Selon Jukka Rahkonen <jukka.rahko...@mmmtike.fi>:

> Jukka Rahkonen <jukka.rahkonen <at> mmmtike.fi> writes:
>
> > This should definitely work too, but it does not
> > >ogrinfo WFS:http://188.64.1.61/cgi-bin/tinyows -sql "select code_reg from
> tows:
> > france"
> > INFO: Open of `WFS:http://188.64.1.61/cgi-bin/tinyows'
> >       using driver `WFS' successful.
> > ERROR 1: SQL Expression Parsing Error: syntax error
>
>
> Sorry for the undue judgement. This is the correct way to do it on Windows
>
> >ogrinfo WFS:http://188.64.1.61/cgi-bin/tinyows -sql "select 'nom.dept' from
> 'tows:dot.test'"
>
> It is just always as hard for me to remember the right syntax.
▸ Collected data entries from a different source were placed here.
(* Let $T$ be an argumentation theory, $G(T)$ its full grounding, and $G_{DL}(T)$ its grounding via the Datalog program $P_T$ of Transformation 1 (as in the context). Then for every semantics $\mathsf{sem}\in\{\text{complete},\text{grounded},\text{preferred},\text{stable}\}$, $$\mathsf{sem}(T)=\mathsf{sem}(G(T))=\mathsf{sem}(G_{DL}(T)),$$ where $\mathsf{sem}(G)$ denotes the set of $\mathsf{sem}$-extensions of the abstract argumentation framework $(\mathrm{Args}(G),\mathrm{Att}(G))$ and $\mathsf{sem}(T)$ is defined as $\mathsf{sem}(G(T))$.
   Context: Work over a function-free first-order signature (predicates and constants); atoms are $p(t_1,\dots,t_k)$ with each $t_i$ a constant or variable. An argumentation theory is $T=(K_n,K_p,R_s,R_d,C,\mathsf{n})$ where: $K_n$ (axioms) and $K_p$ (ordinary premises) are finite sets of ground atoms; $R_s$ (strict rules) is a finite set of rules $b_1(\vec X_1),\dots,b_m(\vec X_m)\to h(\vec Y)$ and $R_d$ (defeasible rules) a finite set of rules $b_1(\vec X_1),\dots,b_m(\vec X_m)\Rightarrow h(\vec Y)$, where every variable of the head occurs in the body; each $r\in R_d$ carries a name atom $\mathsf{n}(r)=\nu_r(\vec Z)$ whose variables occur in the body of $r$; $C$ is a finite set of contrariness rules $c: s(\vec X)\rightsquigarrow S(\vec X)$, where $s(\vec X)$ is an atom and $S(\vec X)$ a finite set of atoms whose variables occur in $\vec X$. The Herbrand universe $HU(T)$ is the set of constants occurring in $T$; a ground substitution maps variables to $HU(T)$, and for a rule or contrariness rule $x$ and ground substitution $\sigma$, $x\sigma$ is its ground instance (with $\mathsf{n}(r\sigma)=\mathsf{n}(r)\sigma$). The full grounding $G(T)$ has the same $K_n,K_p$, and as rules and contrariness rules all ground instances $x\sigma$ of those of $T$. For a ground theory $G$ with premises $K_n\cup K_p$, rules $R$ and contrariness rules $C'$: arguments are defined inductively: each $k\in K_n\cup K_p$ is an argument with conclusion $\mathrm{conc}=k$, premises $\mathrm{Prem}=\{k\}$, no rules; if $A_1,\dots,A_m$ are arguments and $r\in R$ is a ground rule with body $\mathrm{conc}(A_1),\dots,\mathrm{conc}(A_m)$ and head $h$, then $A=\langle A_1,\dots,A_m\to h\rangle$ is an argument with $\mathrm{conc}(A)=h$, top rule $\mathrm{top}(A)=r$, $\mathrm{Prem}(A)=\bigcup_i\mathrm{Prem}(A_i)$, $\mathrm{Rules}(A)=\{r\}\cup\bigcup_i\mathrm{Rules}(A_i)$, and subarguments $\mathrm{Sub}(A)=\{A\}\cup\bigcup_i\mathrm{Sub}(A_i)$. The weak points of $A$ are $\mathrm{wp}(A)=(\mathrm{Prem}(A)\cap K_p)\cup\bigcup_{r\in\mathrm{Rules}(A)\cap R_d}\{\mathrm{head}(r),\mathsf{n}(r)\}$. Argument $A$ attacks $A'$ iff there is a ground contrariness rule $s\rightsquigarrow S$ in $C'$ with $s\in\mathrm{wp}(A')$ and $\mathrm{conc}(A)\in S$. $\mathrm{Args}(G)$ and $\mathrm{Att}(G)$ denote the set of arguments and the attack relation. Transformation 1: the Datalog program $P_T$ contains the fact $k.$ for every $k\in K_n\cup K_p$, and for every rule $r\in R_s\cup R_d$ with body $b_1(\vec X_1),\dots,b_m(\vec X_m)$, head $h(\vec Y)$ and variable list $\vec X$ (all variables of $r$), with a fresh predicate $\mathrm{aux}_r$: the rules $\mathrm{aux}_r(\vec X)\leftarrow b_1(\vec X_1),\dots,b_m(\vec X_m)$ and $h(\vec Y)\leftarrow \mathrm{aux}_r(\vec X)$, and, if $r\in R_d$ with $\mathsf{n}(r)=\nu_r(\vec Z)$, additionally $\nu_r(\vec Z)\leftarrow\mathrm{aux}_r(\vec X)$. Let $M$ be the least Herbrand model of $P_T$. The grounding via Datalog $G_{DL}(T)$ has premises $K_n,K_p$, rules $\{r\sigma : r\in R_s\cup R_d,\ \mathrm{aux}_r(\vec X)\sigma\in M\}$ (strict/defeasible as $r$), and contrariness rules $\{c\sigma: c=(s(\vec X)\rightsquigarrow S(\vec X))\in C,\ s(\vec X)\sigma\in M\}$. Complete, grounded, preferred and stable extensions are those of Dung's abstract argumentation frameworks. *)

From Stdlib Require Import List Arith.
Import ListNotations.

Inductive term : Type := TC (c : nat) | TV (v : nat).

Definition atom  : Type := (nat * list term)%type.   (* p(t1,...,tk) *)
Definition gatom : Type := (nat * list nat)%type.

Definition term_vars (t : term) : list nat :=
  match t with TC _ => [] | TV v => [v] end.
Definition term_consts (t : term) : list nat :=
  match t with TC c => [c] | TV _ => [] end.
Definition atom_vars (a : atom) : list nat := concat (map term_vars (snd a)).
Definition atom_consts (a : atom) : list nat := concat (map term_consts (snd a)).
Definition atoms_vars (l : list atom) : list nat := concat (map atom_vars l).
Definition atoms_consts (l : list atom) : list nat := concat (map atom_consts l).

(* strict rule  b1,...,bm -> h *)
Record srule := mkSRule { s_body : list atom; s_head : atom }.
(* defeasible rule  b1,...,bm => h  with name atom n(r) *)
Record drule := mkDRule { d_body : list atom; d_head : atom; d_name : atom }.
(* contrariness rule  s(X) ~> S(X) *)
Record crule := mkCRule { c_s : atom; c_S : list atom }.

Record theory := mkTheory {
  Kn : list gatom;   (* axioms *)
  Kp : list gatom;   (* ordinary premises *)
  Rs : list srule;
  Rd : list drule;
  Cr : list crule }.

Definition svars (r : srule) : list nat :=
  nodup Nat.eq_dec (atoms_vars (s_body r) ++ atom_vars (s_head r)).
Definition dvars (r : drule) : list nat :=
  nodup Nat.eq_dec (atoms_vars (d_body r) ++ atom_vars (d_head r) ++ atom_vars (d_name r)).
Definition cvars (c : crule) : list nat :=
  nodup Nat.eq_dec (atom_vars (c_s c) ++ atoms_vars (c_S c)).

Definition wf_theory (T : theory) : Prop :=
  (forall r, In r (Rs T) ->
     forall v, In v (atom_vars (s_head r)) -> In v (atoms_vars (s_body r))) /\
  (forall r, In r (Rd T) ->
     (forall v, In v (atom_vars (d_head r)) -> In v (atoms_vars (d_body r))) /\
     (forall v, In v (atom_vars (d_name r)) -> In v (atoms_vars (d_body r)))) /\
  (forall c, In c (Cr T) ->
     forall v, In v (atoms_vars (c_S c)) -> In v (atom_vars (c_s c))).

Definition HU (T : theory) : list nat :=
  concat (map snd (Kn T)) ++ concat (map snd (Kp T)) ++
  concat (map (fun r => atoms_consts (s_body r) ++ atom_consts (s_head r)) (Rs T)) ++
  concat (map (fun r => atoms_consts (d_body r) ++ atom_consts (d_head r)
                        ++ atom_consts (d_name r)) (Rd T)) ++
  concat (map (fun c => atom_consts (c_s c) ++ atoms_consts (c_S c)) (Cr T)).

Definition ground_sub_on (U vs : list nat) (sigma : nat -> nat) : Prop :=
  forall v, In v vs -> In (sigma v) U.

Definition inst_term (sigma : nat -> nat) (t : term) : nat :=
  match t with TC c => c | TV v => sigma v end.
Definition inst (sigma : nat -> nat) (a : atom) : gatom :=
  (fst a, map (inst_term sigma) (snd a)).

(* ground rule; gname = None: strict, gname = Some n: defeasible with name n *)
Record grule := mkGRule { gbody : list gatom; ghead : gatom; gname : option gatom }.
Record gcrule := mkGCRule { gc_s : gatom; gc_S : list gatom }.

Record gtheory := mkGTheory {
  gKn : list gatom;
  gKp : list gatom;
  gR  : grule -> Prop;
  gC  : gcrule -> Prop }.

Definition s_inst (sigma : nat -> nat) (r : srule) : grule :=
  mkGRule (map (inst sigma) (s_body r)) (inst sigma (s_head r)) None.
Definition d_inst (sigma : nat -> nat) (r : drule) : grule :=
  mkGRule (map (inst sigma) (d_body r)) (inst sigma (d_head r))
          (Some (inst sigma (d_name r))).
Definition c_inst (sigma : nat -> nat) (c : crule) : gcrule :=
  mkGCRule (inst sigma (c_s c)) (map (inst sigma) (c_S c)).

Definition full_grounding (T : theory) : gtheory :=
  mkGTheory (Kn T) (Kp T)
    (fun g =>
       (exists r sigma, In r (Rs T) /\ ground_sub_on (HU T) (svars r) sigma /\
                        g = s_inst sigma r) \/
       (exists r sigma, In r (Rd T) /\ ground_sub_on (HU T) (dvars r) sigma /\
                        g = d_inst sigma r))
    (fun g => exists c sigma, In c (Cr T) /\ ground_sub_on (HU T) (cvars c) sigma /\
                              g = c_inst sigma c).

(* Datalog predicates: original ones and fresh aux_r for the i-th strict /
   i-th defeasible rule *)
Inductive dpred : Type := DP (p : nat) | AuxS (i : nat) | AuxD (i : nat).
Definition datom  : Type := (dpred * list term)%type.
Definition dgatom : Type := (dpred * list nat)%type.
Definition clause : Type := (datom * list datom)%type.   (* head <- body *)

Definition lift (a : atom) : datom := (DP (fst a), snd a).
Definition lift_ground (k : gatom) : datom := (DP (fst k), map TC (snd k)).
Definition dinst (sigma : nat -> nat) (d : datom) : dgatom :=
  (fst d, map (inst_term sigma) (snd d)).

Definition datom_vars (d : datom) : list nat := concat (map term_vars (snd d)).
Definition datom_consts (d : datom) : list nat := concat (map term_consts (snd d)).
Definition clause_vars (c : clause) : list nat :=
  datom_vars (fst c) ++ concat (map datom_vars (snd c)).
Definition clause_consts (c : clause) : list nat :=
  datom_consts (fst c) ++ concat (map datom_consts (snd c)).

Definition program := list clause.
Definition HU_prog (P : program) : list nat := concat (map clause_consts P).

Inductive lhm (P : program) : dgatom -> Prop :=
| lhm_step : forall (c : clause) (sigma : nat -> nat),
    In c P -> ground_sub_on (HU_prog P) (clause_vars c) sigma ->
    (forall b, In b (snd c) -> lhm P (dinst sigma b)) ->
    lhm P (dinst sigma (fst c)).

Fixpoint mapi_from {A B : Type} (f : nat -> A -> B) (i : nat) (l : list A) : list B :=
  match l with [] => [] | x :: l' => f i x :: mapi_from f (S i) l' end.

Definition aux_s (i : nat) (r : srule) : datom := (AuxS i, map TV (svars r)).
Definition aux_d (i : nat) (r : drule) : datom := (AuxD i, map TV (dvars r)).

Definition s_clauses (i : nat) (r : srule) : list clause :=
  [ (aux_s i r, map lift (s_body r)); (lift (s_head r), [aux_s i r]) ].
Definition d_clauses (i : nat) (r : drule) : list clause :=
  [ (aux_d i r, map lift (d_body r)); (lift (d_head r), [aux_d i r]);
    (lift (d_name r), [aux_d i r]) ].

Definition PT (T : theory) : program :=
  map (fun k => (lift_ground k, [])) (Kn T ++ Kp T) ++
  concat (mapi_from s_clauses 0 (Rs T)) ++
  concat (mapi_from d_clauses 0 (Rd T)).

Definition dl_grounding (T : theory) : gtheory :=
  mkGTheory (Kn T) (Kp T)
    (fun g =>
       (exists i r sigma, nth_error (Rs T) i = Some r /\
          ground_sub_on (HU T) (svars r) sigma /\
          lhm (PT T) (dinst sigma (aux_s i r)) /\ g = s_inst sigma r) \/
       (exists i r sigma, nth_error (Rd T) i = Some r /\
          ground_sub_on (HU T) (dvars r) sigma /\
          lhm (PT T) (dinst sigma (aux_d i r)) /\ g = d_inst sigma r))
    (fun g => exists c sigma, In c (Cr T) /\ ground_sub_on (HU T) (cvars c) sigma /\
       lhm (PT T) (dinst sigma (lift (c_s c))) /\ g = c_inst sigma c).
OGR SQL follows SQL on this : column and table/layer names are identifiers. So
they must start with a letter or underscore, and subsequent characters must be
letters, underscores or digits. If the identifier is more complex than that, it
must be quoted. To follow SQL, it is recommended to you double-quote characters,
which might require SHELL escaping since they are already in a double-quoted
string, like :

ogrinfo poly.shp -sql "select "eas_id" from "poly""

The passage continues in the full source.